I roll out of bed, the lingering smell of my childhood home creating a pit in my stomach. I can’t believe I’m back here. After sixteen years. I swore I’d never step foot in this place again. It was never a home, not after my mom died. It was a prison. A dark place where bad things happened.

Nothing has really changed since I left. Years of dust cover my dresser and trinkets. A small part of me is surprised my father didn’t throw everything out. Well, anything that wasn’t already broken from one of his drunken episodes. He hated the clutter my things created.

This house has nothing but bad memories. Any good ones are covered in the filth and decay he left behind. I grab my robe and slippers and walk across the hallway to the small bathroom. My stomach roils at the grime, but I have to pee. If I had known the state he left the house in, I would’ve hired cleaners to come through before I arrived.

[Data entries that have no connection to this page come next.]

Lemma loc_lipschitz2_phase (h : R -> R) t :
  (forall a b, Rabs (h a - h b) <= Rabs (a - b)) -> loc_lipschitz2 (fun y e => h (y - t * e)).
Proof.
  intros Hh r Hr. pose proof (Rabs_pos t). exists (1 + Rabs t). split; [lra|].
  intros y y' e e' _ _ _ _. eapply Rle_trans; [apply Hh|].
  replace (y - t * e - (y' - t * e')) with ((y - y') + (- t) * (e - e')) by ring.
  eapply Rle_trans; [apply Rabs_triang|]. rewrite Rabs_mult, Rabs_Ropp.
  pose proof (Rabs_pos (y - y')); pose proof (Rabs_pos (e - e')). nra.
Qed.

Lemma continuous_trig_phase t x :
  continuous (fun x => cos (t * edisp1 x)) x /\ continuous (fun x => sin (t * edisp1 x)) x.
Proof.
  split; apply (ex_derive_continuous (V := R_NormedModule)); unfold edisp1; auto_derive; auto.
Qed.

(* Expanding [sin (Y - t * edisp1 x)] in the last coordinate reduces the [S k]-fold
   integral to the [k]-fold one at the phases [y] and [y + PI/2]. *)
Lemma disp_int_wave_bound k t y c : Rabs (disp_int k (wave t) y c) <= osc_size t ^ k.
Proof.
  revert y c; induction k as [|k IH]; intros y c.
  - rewrite disp_int_0, pow_O. unfold wave.
    apply Rabs_le. pose proof (SIN_bound (y - t * (0 + c))). lra.
  - assert (Hw := loc_lipschitz2_phase sin t sin_lipschitz).
    assert (Hc := loc_lipschitz2_phase cos t cos_lipschitz).
    assert (Hshift : disp_int k (fun y e => cos (y - t * e)) y c
                     = disp_int k (wave t) (y + PI / 2) c).
    { unfold disp_int, wave. f_equal. apply functional_extensionality. intros q.
      replace (y + PI / 2 - t * (edisp k q + c)) with (PI / 2 - - (y - t * (edisp k q + c)))
        by ring.
      rewrite sin_shift, cos_neg. reflexivity. }
    assert (Hx : forall x, disp_int k (wave t) y (edisp1 x + c)
                   = disp_int k (wave t) y c * cos (t * edisp1 x)
                     + (- disp_int k (wave t) (y + PI / 2) c) * sin (t * edisp1 x)).
    { intros x. rewrite <- Hshift.
      replace (disp_int k (wave t) y c * cos (t * edisp1 x)
               + - disp_int k (fun y e => cos (y - t * e)) y c * sin (t * edisp1 x))
        with (cos (t * edisp1 x) * disp_int k (wave t) y c
              + (- sin (t * edisp1 x)) * disp_int k (fun y e => cos (y - t * e)) y c) by ring.
      rewrite <- disp_int_lin by auto.
      unfold disp_int, wave. f_equal. apply functional_extensionality. intros q.
      replace (y - t * (edisp k q + (edisp1 x + c)))
        with ((y - t * (edisp k q + c)) - t * edisp1 x) by ring.
      rewrite sin_minus. ring. }
    pose proof (IH y c). pose proof (IH (y + PI / 2) c).
    rewrite disp_int_S, (RInt_ext _ _ _ _ (fun x _ => Hx x)).
    rewrite (RInt_lin (fun x => cos (t * edisp1 x)) (fun x => sin (t * edisp1 x)))
      by (apply ex_RInt_cont; intros x; apply (continuous_trig_phase t x)).
    change (osc_size t ^ S k) with (osc_size t * osc_size t ^ k).
    eapply Rle_trans; [apply Rabs_triang|]. rewrite !Rabs_mult, Rabs_Ropp.
    unfold osc_size at 1. set (M := osc_size t ^ k) in *.
    pose proof (Rabs_pos (RInt (fun x => cos (t * edisp1 x)) (-/2) (/2))).
    pose proof (Rabs_pos (RInt (fun x => sin (t * edisp1 x)) (-/2) (/2))).
    eapply Rle_trans; [apply Rplus_le_compat; apply Rmult_le_compat_r; eauto|]. lra.
Qed.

Then again, the last month of my own life has been such an epic shitshow. Trying to navigate up, down, left, or right has been a challenge. Figuring out how to move on after a divorce, quitting my job, and now my father dying has left me on a rollercoaster destined to crash. Every way I turn, something is waiting to slap me in the face.

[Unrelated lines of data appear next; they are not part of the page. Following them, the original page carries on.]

Lemma eventually_bounded_below (k : R -> R) :
  ~ (forall kap, 0 < kap -> forall Q, exists p, Q <= p /\ 2 <= p /\ k p < kap) ->
  exists kap, 0 < kap /\ exists Q, forall p, Q <= p -> 2 <= p -> kap <= k p.
Proof.
  intros Hns. apply NNPP. intros Hno. apply Hns. intros kap Hkap Q. apply NNPP. intros Hp.
  apply Hno. exists kap. split; auto. exists Q. intros p HQp H2p.
  apply Rnot_lt_le. intros Hlt. apply Hp. exists p. auto.
Qed.

Theorem mainTheorem6
  (n : nat) (ell : R) (alpha psi beta : R -> R) (L mu : R)
  (tau0 dtau0 : R -> vec) (tau dtau : R -> R -> vec) (k : R -> R) (Lam : R -> vec)
  (Hn : (2 <= n)%nat)
  (Hell : 0 < ell)
  (Halpha_pos : forall s, 0 <= s <= ell -> 0 < alpha s)
  (Halpha_bv : bounded_variation alpha 0 ell)
  (Halpha_inv : exists C, forall s, 0 <= s <= ell -> / alpha s <= C)
  (Hpsi : forall s, 0 <= s <= ell -> HKint (fun sigma => / alpha sigma) 0 s (psi s))
  (HL : L = psi ell)
  (Hbeta : forall s, 0 <= s <= ell -> beta (psi s) = alpha s)
  (Hmu : 0 <= mu)
  (Htau0 : W1inf_sphere n L tau0 dtau0)
  (Htau : forall p, 2 <= p -> W1p_sphere n p L (tau p) (dtau p))
  (Hk : forall p, 2 <= p -> is_Kp n p L (dtau p) (k p))
  (Hklim : exists M P0, forall p, P0 <= p -> k p <= M)
  (Heq : forall p, 2 <= p ->
     weak_eq n L
       (fun t i => rpow (vnorm n (dtau p t)) (p - 2) * dtau p t i)
       (fun t i => rpow (vnorm n (dtau p t)) p * tau p t i)
       (fun t i => rpow (k p) (p - 1) * beta t *
          (Lam p i - dot n (Lam p) (tau p t) * tau p t i
           - mu * tau0 t i + mu * dot n (tau0 t) (tau p t) * tau p t i))) :
  (exists M P0, forall p, P0 <= p -> vnorm n (Lam p) / p ^ 6 <= M)
  \/
  (exists ps : nat -> R,
     (forall j, 2 <= ps j) /\
     (forall M, exists N, forall j, (N <= j)%nat -> M <= ps j) /\
     exists c : vec, forall eps, 0 < eps -> exists N, forall j, (N <= j)%nat ->
       forall t, 0 < t < L -> vnorm n (vsub (tau (ps j) t) c) < eps).
Proof.
  destruct (weight_bounds ell alpha psi beta L Hell Halpha_pos Halpha_bv Halpha_inv Hpsi HL Hbeta)
    as [HL0 [cb [Bb [Hcb Hbb]]]].
  destruct Htau0 as (_ & _ & Hunit0).
  destruct (classic (exists M P0, forall p, P0 <= p -> vnorm n (Lam p) / p ^ 6 <= M))
    as [Hbounded | Hunbounded]; [left; exact Hbounded | right].
  (* it suffices to make the oscillation of [tau_p] vanish along a sequence [p -> oo] *)
  apply constant_limit; [lia | exact HL0 | intros p t Hp; apply (Htau p Hp) |].
  destruct (classic (forall kap, 0 < kap -> forall Q, exists p, Q <= p /\ 2 <= p /\ k p < kap))
    as [Hsmall | Hlarge].
  - exact (vanishing_energy_case n L tau dtau k HL0 Htau Hk Hsmall).
  - destruct (eventually_bounded_below k Hlarge) as [kap [Hkap [Q HQ]]].
    destruct Hklim as [M [P0 HM]].
    (* [Heq] is [euler_lagrange] unfolded *)
    apply (large_multiplier_case n L mu cb Bb tau0 beta tau dtau k Lam kap Q (Rabs M + 1) P0);
      auto; [lia | pose proof (Rabs_pos M); lra | | ].
    + intros p Hp. pose proof (HM p Hp). pose proof (Rle_abs M). lra.
    + exact (unbounded_of_not_bounded (fun p => vnorm n (Lam p)) Hunbounded).
Qed.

I groan at my latest slap. My little incident at the wedding last night. “All deserved,” I grumble as I spread toilet paper along the stained seat and do my business. My to-do list today is a mile long, starting with figuring out my father’s finances and getting this house decent enough to sell—which is going to be an impossible task.

The last time we spoke was the night Aunt Karen picked me up from the hospital and promised I’d never have to see him again. He wasn’t allowed near me, but his voice had already done its damage. My thirteen-year-old heart was beaten bloody. From the love he never showed me, the scars his fists left. . . I never thought I’d have to deal with him or his hatred again. He was a drunk who chose to abuse me because he couldn’t love me. Then, a few weeks ago, I got the call he had died.

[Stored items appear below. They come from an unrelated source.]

Lemma CauchySchwarz u v : dotv u v <= enorm u * enorm v.
Proof.
rewrite -sqrtrM ?dotvv_ge0 // (le_trans (ler_norm _)) // -sqrtr_sqr ler_sqrt.
  exact: CauchySchwarz_sqr.
by rewrite mulr_ge0 ?dotvv_ge0.
Qed.

End InnerProduct.

Lemma dotv_col_mx (R : realType) (p q : nat) (u1 v1 : 'cV[R]_p) (u2 v2 : 'cV[R]_q) :
  dotv (col_mx u1 u2) (col_mx v1 v2) = dotv u1 v1 + dotv u2 v2.
Proof.
rewrite /dotv big_split_ord; congr (_ + _); apply: eq_bigr => i _.
  by rewrite !col_mxEu.
by rewrite !col_mxEd.
Qed.

Section DerivativeAlongLine.
Variables (R : realType) (V W : normedModType R).

Lemma differentiable_line (a d : V) (t : R) :
  differentiable (fun s : R => a + s *: d) t /\ 'd (fun s : R => a + s *: d) t 1 = d.
Proof.
have dscale : differentiable (fun s : R => s *: d) t by exact: ex_diff.
split; first by apply: differentiableD; first exact: differentiable_cst.
rewrite (diffD (differentiable_cst a t) dscale) /=.
by rewrite diff_cst diff_val add0r scale1r.
Qed.

Lemma is_derive_along_line (f : V -> W) (a d : V) (t : R) :
  differentiable f (a + t *: d) ->
  is_derive t 1 (fun s : R => f (a + s *: d)) ('d f (a + t *: d) d).
Proof.
move=> df; have [dline dlineE] := differentiable_line a d t.
have dcomp : differentiable (f \o (fun s : R => a + s *: d)) t.
  exact: differentiable_comp.
apply: DeriveDef; first exact: diff_derivable.
by rewrite (deriveE _ dcomp) (diff_comp dline df) /= dlineE.
Qed.
End DerivativeAlongLine.

Section DescentLemma.
Variables (R : realType) (m : nat).
Implicit Types (a d : 'cV[R]_m) (t : R).

Lemma lipschitz_dotv_line (F : 'cV[R]_m -> 'cV[R]_m) (L : R) a d t :
  lipschitz_e F L -> 0 <= t -> dotv (F (a + t *: d) - F a) d <= L * t * dotv d d.
Proof.
move=> FL t_ge0; apply: (le_trans (CauchySchwarz _ _)).
have := FL (a + t *: d) a; rewrite [a + _ - _]addrC addKr enormZ ger0_norm // mulrA => FLt.
by rewrite -enorm_sqr expr2 mulrA ler_wpM2r ?enorm_ge0.
Qed.

Lemma descent_lemma (f : 'cV[R]_m -> R) gf (L : R) :
  is_gradient f gf -> lipschitz_e gf L -> forall a b,
  f b <= f a + dotv (gf a) (b - a) + L / 2 * enorm (b - a) ^+ 2.
Proof.
move=> fG gfL a b; set d := b - a; set c := dotv (gf a) d; set K := L / 2 * dotv d d.
(* phi is nonincreasing on [0, 1], and phi 1 <= phi 0 is the claim *)
pose phi := fun s : R => f (a + s *: d) - (c * s + K * (s * s)).
have phi_derive t : is_derive t 1 phi (dotv (gf (a + t *: d)) d - (c + K * (2 * t))).
  apply: is_deriveB.
    have [df dfE] := fG (a + t *: d); rewrite -dfE; exact: is_derive_along_line.
  have -> : (fun s : R => c * s + K * (s * s)) = c \*: id + K \*: (id * id) by [].
  by apply: is_derive_eq; rewrite /= !scaler1 /GRing.scale /=; lra.
have phi'_le0 t : t \in `]0, 1[ -> derive1 phi t <= 0.
  rewrite in_itv /= => /andP[t_gt0 _].
  rewrite derive1E (@derive_val _ _ _ _ _ _ _ (phi_derive t)) subr_le0 -lerBlDl -dotvBl.
  by apply: le_trans (lipschitz_dotv_line _ _ gfL (ltW t_gt0)) _; rewrite /K; lra.
have phi_derivable t : derivable phi t 1 := @ex_derive _ _ _ _ _ _ _ (phi_derive t).
have : phi 1 <= phi 0.
  apply: (ler0_derive1_le_cc (fun t _ => phi_derivable t) phi'_le0);
    rewrite ?in_itv /= ?ler01 ?lexx //.
  by apply: derivable_within_continuous => t _; exact: phi_derivable.
have a_plus_d : a + d = b by rewrite /d addrC subrK.
by rewrite /phi scale1r scale0r addr0 a_plus_d enorm_sqr /K; lra.
Qed.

Even after all these years, I was his only emergency contact. Feeling numb, I listened to the officer explain he’d been drunk at work and had fallen off a rig, snapping his neck and breaking almost every bone in his body.

Pain spread through my chest, but not from his death. It was because he never changed. Some small part of me always hoped my leaving would force him to turn his life around. Do better. If only for himself. The only thing he did was make sure to drag me down one last time and write me in as the executor of his finances and estate.

The joke of it all was he was broke. The house was far from paid off. He’d taken out so many loans against it. It was only a matter of time before this dump was gone too. Seemed easier to show up in the middle of the night and light the whole place on fire.

But here I am, still stuck in my father’s web of control, doing the right thing.